The Great Malon
The citizen festival to strengthen trust and coexistence in the neighborhoods of Chile.
Place
Multiples countries
Year
2017 - 2025
Objectives
To combat social mistrust and urban atomization through direct encounters between neighbors in the public space.
To strengthen social capital, creating local support and communication networks that improve the security and resilience of neighborhoods.
To promote active citizen participation, empowering people to take ownership of their streets, plazas, and parks.
To recover the public space as a place of celebration, coexistence, and community life.
Methodology
The Great Malón uses food as a tool for social mediation, based on a distributed citizen activation model:
The Malón Kit: Ciudad Emergente provides a methodological guide (Kit) that delivers the "step-by-step" so that any group of neighbors can organize their own collaborative meal autonomously.
Collaborative Organization: It is based on the premise of "I bring the table, you bring the chair," where the logistics and the food are shared by the participants themselves, eliminating hierarchies.
Urban Malon Tactic: A short-term intervention that temporarily transforms the street into a collective dining room, allowing to test new ways of inhabiting the daily environment.
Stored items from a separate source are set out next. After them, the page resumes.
Lemma Rr_occ_absent k e (T : {ffun 'I_k -> graph}) : (0 < k)%N ->
  Rr R e T = occ e T - 1 + absent e T.
Proof.
move=> k_gt0; rewrite /Rr /Rsurplus.
have max_le : (\max_(i < k) Xind e T i <= \sum_(i < k) Xind e T i)%N.
  by apply/bigmax_leqP => i _; rewrite (bigD1 i) //= leq_addr.
rewrite natrB // natr_sum; case: (boolP [exists i, e \in T i]) => [/existsP[i eTi]|/existsPn eT].
- have -> : (\max_(i < k) Xind e T i)%N = 1%N.
    apply/eqP; rewrite eqn_leq; apply/andP; split.
      by apply/bigmax_leqP => j _; rewrite /Xind leq_b1.
    by apply: leq_trans (leq_bigmax i); rewrite /Xind eTi.
  by rewrite /absent [\prod_i _](bigD1 i) //= /xind eTi subrr mul0r addr0.
- have -> : (\max_(i < k) Xind e T i)%N = 0%N.
    by apply/eqP; rewrite -leqn0; apply/bigmax_leqP => j _; rewrite /Xind (negbTE (eT j)).
  rewrite /absent [\prod_i _]big1 ?subr0 ?subrK // => j _.
  by rewrite /xind (negbTE (eT j)) subr0.
Qed.

Section Moments.
Variables (k : nat) (e e' : {set 'I_n}) (p p' q : R).
Hypotheses (Ee : Expect1 (xind e) = p) (Ee' : Expect1 (xind e') = p')
  (Eee' : Expect1 (fun T => xind e T * xind e' T) = q).

Lemma Expect_occ : Expect (@occ k e) = p *+ k.
Proof.
rewrite /occ Expect_sum (eq_bigr (fun => p)) ?sumr_const ?card_ord // => i _.
by rewrite -Ee; apply: (Expect_coord (i := i)).
Qed.

Lemma Expect_absent : Expect (@absent k e) = (1 - p) ^+ k.
Proof.
by rewrite (Expect_iid_prod (h := fun T => 1 - xind e T)) // Expect1B Expect1_cst Ee.
Qed.

Lemma Expect_occ2 :
  Expect (fun T : {ffun 'I_k -> graph} => occ e T * occ e' T) = (q + (p * p') *+ k.-1) *+ k.
Proof.
rewrite (eq_Expect (g := fun T => \sum_i \sum_j xind e (T i) * xind e' (T j))) => [|T];
  last by rewrite /occ mulr_suml; apply: eq_bigr => i _; rewrite mulr_sumr.
rewrite Expect_sum (eq_bigr (fun => q + (p * p') *+ k.-1)) ?sumr_const ?card_ord // => i _.
rewrite Expect_sum (bigD1 i) //= (Expect_coord (i := i) (h := fun T => xind e T * xind e' T)) //.
rewrite Eee' (eq_bigr (fun => p * p')) => [|j ji]; last first.
  by rewrite (Expect_pair (i := i) (j := j) (h := xind e) (h' := xind e')) 1?eq_sym ?Ee ?Ee'.
by rewrite (sumr_const (predC1 i)) cardC1 card_ord.
Qed.

Lemma Expect_occ_absent :
  Expect (fun T : {ffun 'I_k -> graph} => occ e T * absent e' T) =
  ((p - q) * (1 - p') ^+ k.-1) *+ k.
Proof.
rewrite (eq_Expect (g := fun T => \sum_i (xind e (T i) * (1 - xind e' (T i))) *
                                     \prod_(l | l != i) (1 - xind e' (T l)))) => [|T];
  last by rewrite /occ /absent mulr_suml; apply: eq_bigr => i _; rewrite (bigD1 i) //= mulrA.
rewrite Expect_sum (eq_bigr (fun => (p - q) * (1 - p') ^+ k.-1)) ?sumr_const ?card_ord // => i _.
rewrite (Expect_coord_prod (i := i) (h0 := fun T => 1 - xind e' T)
                           (h1 := fun T => xind e T * (1 - xind e' T))) //.
rewrite Expect1B Expect1_cst Ee' (eq_Expect1 (g := fun T => xind e T - xind e T * xind e' T)).
  by rewrite Expect1B Ee Eee'.
by move=> T; rewrite mulrBr mulr1.
Qed.

Lemma Expect_absent2 :
  Expect (fun T : {ffun 'I_k -> graph} => absent e T * absent e' T) = (1 - p - p' + q) ^+ k.
Proof.
rewrite (Expect_iid_prod (h := fun T => (1 - xind e T) * (1 - xind e' T))) => [|T];
  last by rewrite /absent -big_split.
rewrite (eq_Expect1 (g := fun T => 1 - xind e T - xind e' T + xind e T * xind e' T)) => [|T];
  last by ring.
by rewrite Expect1D !Expect1B Expect1_cst Ee Ee' Eee'.
Qed.

End Moments.

End Expectation.

Arguments xind {R n} e T.
Arguments occ {R n k} e T.
Arguments absent {R n k} e T.

Section Covariance.
Variables (R : realFieldType) (n : nat).
Hypothesis n_gt0 : (0 < n)%N.
Local Notation graph := {set {set 'I_n}}.
Local Notation Expect1 := (@Expect1 R n).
National Scaling: The coordination of multiple simultaneous malones in different regions to generate a country impact and make visible the strength of community organization.
Clients / Partners
Driven by: Ciudad Emergente.
Historical Alliances: Regional Governments, Municipalities throughout Chile, neighborhood organizations, foundations, and companies committed to social development and sustainability.
Results & Impact
Reduction of Insecurity: The evidence collected indicates that the social cohesion generated by activities such as the malones can reduce the perception of insecurity and criminality in neighborhoods by up to 23%.
Massive Movement: Thousands of people have participated in national versions of the Great Malón, activating hundreds of streets from Arica to Punta Arenas.
Neighbor Trust: The project manages to get neighbors who previously did not greet each other to generate bonds of trust, facilitating community organization for future local challenges.
Replicability: The model has been adapted and replicated in different cultural contexts, demonstrating that the need for encounter is universal.
Conclusions
The Great Malon demonstrates that the most powerful tool to transform the city is, simply, a shared table. Through this tactic, Ciudad Emergente has managed to demonstrate that security and well-being do not only depend on cameras or alarms, but on how strong the social fabric of a neighborhood is. By leaving home and meeting the neighbor, the street stops being a place of passage or fear to become a place of belonging. A country that eats together is a country that is more resilient, secure, and happy.